EXERCISE GOAL
Among the lines below, list those containing the string "right".

EXERCISE MATERIALS
Lemma sum_assoc_mx p :
  DS_weights p -> \sum_a \sum_b assoc_mx p a b = 1.
Proof.
move=> [_ [psym <-]]; set M := assoc_mx p.
have split_diag (F : 'I_d -> R) (a : 'I_d) :
    \sum_(b < d | (a <= b)%N) F b = F a + \sum_(b < d | (a < b)%N) F b.
  rewrite (bigD1 a) //=; congr (_ + _).
  by apply: eq_bigl => b; rewrite ltn_neqAle eq_sym andbC.
have upper_lower (a : 'I_d) :
    \sum_b M a b = \sum_(b < d | (a <= b)%N) M a b + \sum_(b < d | (b < a)%N) M a b.
  rewrite (bigID (fun b : 'I_d => (a <= b)%N)) /=; congr (_ + _).
  by apply: eq_bigl => b; rewrite ltnNge.
under eq_bigr do rewrite upper_lower.
rewrite big_split /= [X in _ + X](exchange_big_dep xpredT) //= -big_split.
apply: eq_bigr => a _ /=; rewrite split_diag -addrA -big_split split_diag /M mxE eqxx /=.
congr (_ + _); apply: eq_bigr => b /ltn_eqF; rewrite val_eqE => neq_ab.
by rewrite (assoc_mxC psym b) !mxE neq_ab; lra.
Qed.

End DiagonalSymmetricEntries.

Section PhaseAveragedStates.
Variables (R : realType) (d : nat) (i0 : 'I_d) (v : 'I_d -> R).
Hypothesis v_ge0 : forall a, 0 <= v a.
Local Notation C := (R[i]).
Local Notation phase := {ffun 'I_d -> 'I_4}.

Definition phase_vec (s : phase) : 'cV[C]_d :=
  \col_a (toC (Num.sqrt (v a)) * 'i%C ^+ s a).

(* For v = 0 the state is irrelevant (it gets weight 0 in [DS_state_gram]);
   [delta_mx i0 i0] merely makes it a density matrix. *)
Definition phase_state (s : phase) : 'M[C]_d :=
  if \sum_a v a == 0 then delta_mx i0 i0
  else toC (\sum_a v a)^-1 *: (phase_vec s *m adjmx (phase_vec s)).

Lemma phase_vec_sqnorm s a : phase_vec s a 0 * (phase_vec s a 0)^*%C = toC (v a).
Proof.
rewrite mxE rmorphM /= oppr0 conjc_expr_i mulrACA -exprD -mulSn exprM expr_i4.
by rewrite expr1n mulr1 toCE -rmorphM -expr2 sqr_sqrtr.
Qed.

Lemma density_phase_state s : density (phase_state s).
Proof.
rewrite /phase_state; case: eqP => [_|/eqP t_neq0]; first exact: density_delta.
split; first by apply: psd_scale; [rewrite invr_ge0 sumr_ge0 | exact: psd_mul_col_adjmx].
rewrite mxtraceZ trace_mul_col_adjmx (eq_bigr _ (fun a _ => phase_vec_sqnorm s a)).
under eq_bigr do rewrite toCE.
by rewrite toCE -rmorph_sum -rmorphM mulVf.
Qed.

Lemma phase_average i j m n :
  \sum_(s : phase) toC ((\sum_a v a) ^+ 2 / (4 ^ d)%:R) * (phase_state s i m * phase_state s j n)
  = toC (if eq_upair i j m n then v i * v j else 0).
Proof.
rewrite /phase_state; set t := \sum_a v a.
have [t0 | t_neq0] := eqVneq t 0.
  have v0 a : v a = 0 by apply: (psumr_eq0P (fun a _ => v_ge0 a) t0).
  rewrite t0 expr0n /= mul0r big1 => [|s _]; last by rewrite mul0r.
  by rewrite !v0 mul0r; case: ifP.
pose sq a := Num.sqrt (v a).
have entryE s a b : (toC t^-1 *: (phase_vec s *m adjmx (phase_vec s))) a b
    = toC (t^-1 * (sq a * sq b)) * ('i%C ^+ s a * conjc ('i%C ^+ s b)).
  rewrite mxE mul_col_adjmxE !mxE rmorphM /= oppr0 complexr0 !toCE !rmorphM /sq /=.
  ring.
under eq_bigr do rewrite !entryE.
pose c := t ^+ 2 / (4 ^ d)%:R * (t^-1 * (sq i * sq m)) * (t^-1 * (sq j * sq n)).
rewrite (eq_bigr (fun s : phase => toC c *
  ('i%C ^+ s i * 'i%C ^+ s j * conjc ('i%C ^+ s m) * conjc ('i%C ^+ s n)))) => [|s _]; last first.
  by rewrite /c !toCE !rmorphM; ring.
rewrite -mulr_sumr phase_sum; case: ifP => [upair_ijmn|_]; last by rewrite mulr0.
rewrite toCE -(rmorph_nat (real_complex R)) -rmorphM; congr (_%:C)%C.
transitivity (sq i * sq m * (sq j * sq n)).
  by rewrite /c; field; rewrite t_neq0 pnatr_eq0 expn_eq0.
have sqK a : sq a * sq a = v a by rewrite -expr2 sqr_sqrtr.
by case/orP: upair_ijmn => /andP[/eqP <- /eqP <-]; rewrite -sqK -(sqK j); ring.
Qed.

End PhaseAveragedStates.

Lemma separable_convex_sum (R : realType) d (T : finType) (w : T -> R)
    (A B : T -> 'M[R[i]]_d) :
  (forall t, 0 <= w t) -> \sum_t w t = 1 ->
  (forall t, density (A t) /\ density (B t)) ->
  separable (\sum_t toC (w t) *: (A t *t B t)).
Proof.
move=> w_ge0 w_sum1 AB_density.
exists #|T|, (w \o enum_val), (A \o enum_val), (B \o enum_val).
by split=> //=; rewrite -?w_sum1 (big_enum_val (A := T)).
Qed.

Section GramDecomposition.
Variables (R : realType) (d k : nat) (i0 : 'I_d) (B : 'M[R]_(d, k)).
Hypothesis B_ge0 : forall a c, 0 <= B a c.
Local Notation phase := {ffun 'I_d -> 'I_4}.

Definition gram_weight (c : 'I_k) : R := (\sum_a B a c) ^+ 2 / (4 ^ d)%:R.

Definition gram_state (c : 'I_k) (s : phase) := phase_state i0 (fun a => B a c) s.

Lemma sum_gram_weight :
  \sum_(cs : 'I_k * phase) gram_weight cs.1 = \sum_a \sum_b (B *m B^T) a b.
Proof.
rewrite -(pair_bigA _ (fun c (s : phase) => gram_weight c)) /=.
under eq_bigr do rewrite sumr_const card_ffun !card_ord /gram_weight
  -(mulr_natr (_ / _)) mulfVK ?pnatr_eq0 ?expn_eq0 //.
under eq_bigr do rewrite expr2 mulr_suml.
rewrite exchange_big; apply: eq_bigr => a _; under eq_bigr do rewrite mulr_sumr.
rewrite exchange_big; apply: eq_bigr => b _.
by rewrite !mxE; apply: eq_bigr => c _; rewrite mxE.
Qed.

Lemma DS_state_gram p : (forall a b, p a b = p b a) -> assoc_mx p = B *m B^T ->
  DS_state p = \sum_(cs : 'I_k * phase)
    toC (gram_weight cs.1) *: (gram_state cs.1 cs.2 *t gram_state cs.1 cs.2).
Proof.
move=> psym MB; apply/matrixP => r c; rewrite -(mxtens_unindexK r) -(mxtens_unindexK c).
case: (mxtens_unindex r) (mxtens_unindex c) => i j [m n].
pose F c s := toC (gram_weight c) * (gram_state c s i m * gram_state c s j n).
rewrite DS_stateE // summxE (eq_bigr (fun cs => F cs.1 cs.2)) => [|cs _]; last first.
  by rewrite mxE tensmxE.
rewrite -(pair_bigA _ F) /F /gram_state /gram_weight /=.
under eq_bigr do rewrite phase_average //.
case: ifP => _; last by rewrite big1.
by rewrite MB mxE toCE rmorph_sum; apply: eq_bigr => l _; rewrite mxE.
Qed.

End GramDecomposition.

Lemma separable_DS_of_cp (R : realType) d (p : 'I_d -> 'I_d -> R) :
  DS_weights p -> completely_positive (assoc_mx p) -> separable (DS_state p).
Proof.
case: d p => [|d] p wp [k [B [B_ge0 MB]]].
  by move: wp => [_ [_]]; rewrite big_ord0 => /eqP; rewrite eq_sym oner_eq0.
have [_ [psym _]] := wp.
rewrite (DS_state_gram ord0 B_ge0 psym MB).
apply: separable_convex_sum => [cs||cs].
- by rewrite divr_ge0 ?exprn_ge0 ?sumr_ge0.
- by rewrite sum_gram_weight -MB sum_assoc_mx.
- by split; apply: density_phase_state.
Qed.

Section DiagonalDominance.
Variables (R : realType) (d : nat) (N : 'M[R]_d).
Hypothesis Nsym : forall i j, N i j = N j i.
Local Notation e i := (delta_mx i 0 : 'cV[R]_d).

Definition dd_weight i j : R :=
  if i == j then (N i i - \sum_(k | k != i) N i k) / 4 else N i j / 2.

Lemma dd_weightC i j : dd_weight i j = dd_weight j i.
Proof. by rewrite /dd_weight eq_sym; case: eqP => [->|] //; rewrite Nsym. Qed.
Lemma hat_IX (Y : Type) (X : set Y) (f : Y -> Y) : Sinf f -> IX X (hat X f).
Proof.
move=> bf; split; [|split].
- by move=> [a b] [? []].
- by move=> x y y' [_ [_ /= <-]] [_ [_ /= <-]].
- by move=> x x' y [_ [_ /= fx]] [_ [_ /= fx']]; apply: (bij_inj bf); rewrite fx fx'.
Qed.

(* Each subbasic set of tau_pp containing hat t is forced by one pointwise
   condition: v(x,y) by s x = y, w1(x) by s x = t x, w2(y) by s (t^-1 y) = y. *)
Lemma hat_pullback (Y : Type) (X : set Y) (t : Y -> Y) (V : set (set (Y * Y))) :
  Sinf t -> pp_subbasis X V -> V (hat X t) ->
  exists l, basic (@pw_subbasis Y) t l /\
    forall s, Sinf s -> in_all l s -> V (hat X s).
Proof.
move=> [ti tK Kt] [[x [y [Xx [Xy ->]]]]|[[x [Xx ->]]|[y [Xy ->]]]] Vt.
- apply: (basic1 (B := [set s | s x = y])); first by exists x, y.
    by case: Vt => _ [].
  by move=> s _ sxy; split.
- apply: (basic1 (B := [set s | s x = t x])); first by exists x, (t x).
    by [].
  by move=> s _ sx y [_ [Xy' /= sxy]]; apply: (Vt y); split => //; split => //=; rewrite -sx.
- apply: (basic1 (B := [set s | s (ti y) = y])); first by exists (ti y), y.
    by rewrite /= Kt.
  move=> s bs sy x [Xx' [_ /= sxy]].
  have xy : x = ti y by apply: (bij_inj bs); rewrite sxy sy.
  by apply: (Vt x); split => //; split => //=; rewrite xy Kt.
Qed.

Lemma hat_continuous (Y : Type) (X : set Y) (V : set (set (Y * Y))) :
  sb_open (IX X) (pp_subbasis X) V ->
  sb_open (@Sinf Y) (@pw_subbasis Y) [set f | Sinf f /\ V (hat X f)].
Proof. by apply: sb_continuous => [f /hat_IX|f W bf]; last exact: hat_pullback. Qed.

Lemma pw_support (Y : Type) (f : Y -> Y) (l : list (set (Y -> Y))) :
  basic (@pw_subbasis Y) f l ->
  exists P : list Y, forall s, (forall q, In q P -> s q = f q) -> in_all l s.
Proof.
elim: l => [|B l IH] bl; first by exists nil => s _; constructor.
have [[y [z ->]] fyz] := Forall_inv bl.
have [P HP] := IH (Forall_inv_tail bl).
exists (y :: P) => s sP; constructor; first by rewrite /= sP //; left.
by apply: HP => q Pq; apply: sP; right.
Qed.

Definition agrees_at (Y : Type) (X : set Y) (f : Y -> Y) (g : set (Y * Y))
    (p : Y) : Prop :=
  (forall y, g (p, y) <-> hat X f (p, y)) /\
  (forall x, g (x, f p) <-> hat X f (x, f p)).

(* Agreement at p is forced on I(X) by a basic tau_pp-neighbourhood of hat f:
   v(p, f p), w1(p) or w2(f p) according to which of p, f p lie in X. *)
Lemma agrees_nbhd (Y : Type) (X : set Y) (f : Y -> Y) (p : Y) : Sinf f ->
  exists l, basic (pp_subbasis X) (hat X f) l /\
    forall g, IX X g -> in_all l g -> agrees_at X f g p.
Proof.
move=> bf; have [Xp|Xp] := pselect (X p); have [Xfp|Xfp] := pselect (X (f p)).
- apply: (basic1 (B := v_set p (f p))); first by left; exists p, (f p).
    by [].
  move=> g [_ [gfun ginj]] gpf; split=> [y|x]; split.
  + by move=> gpy; rewrite -(gfun _ _ _ gpf gpy).
  + by case=> _ [_ /= <-].
  + by move=> gxf; rewrite (ginj _ _ _ gxf gpf).
  + by case=> _ [_ /= /(bij_inj bf) ->].
- apply: (basic1 (B := w1_set p)); first by right; left; exists p.
    by move=> y [_ [Xy /= fpy]]; apply: Xfp; rewrite fpy.
  move=> g [gX _] gp; split=> [y|x]; split.
  + by move/gp.
  + by case=> _ [Xy /= fpy]; case: Xfp; rewrite fpy.
  + by case/gX.
  + by case=> _ [].
- apply: (basic1 (B := w2_set (f p))); first by right; right; exists (f p).
    by move=> x [Xx [_ /= /(bij_inj bf) xp]]; apply: Xp; rewrite -xp.
  move=> g [gX _] gf; split=> [y|x]; split.
  + by case/gX.
  + by case.
  + by move/gf.
  + by case=> Xx [_ /= /(bij_inj bf) xp]; case: Xp; rewrite -xp.
- exists nil; split=> // g [gX _] _; split=> [y|x]; split.
  + by case/gX.
  + by case.
  + by case/gX.
  + by case=> _ [].
Qed.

RESPONSE AREA
by apply: HP => q Pq; apply: sP; right.
- apply: (basic1 (B := w1_set p)); first by right; left; exists p.
- apply: (basic1 (B := w2_set (f p))); first by right; right; exists (f p).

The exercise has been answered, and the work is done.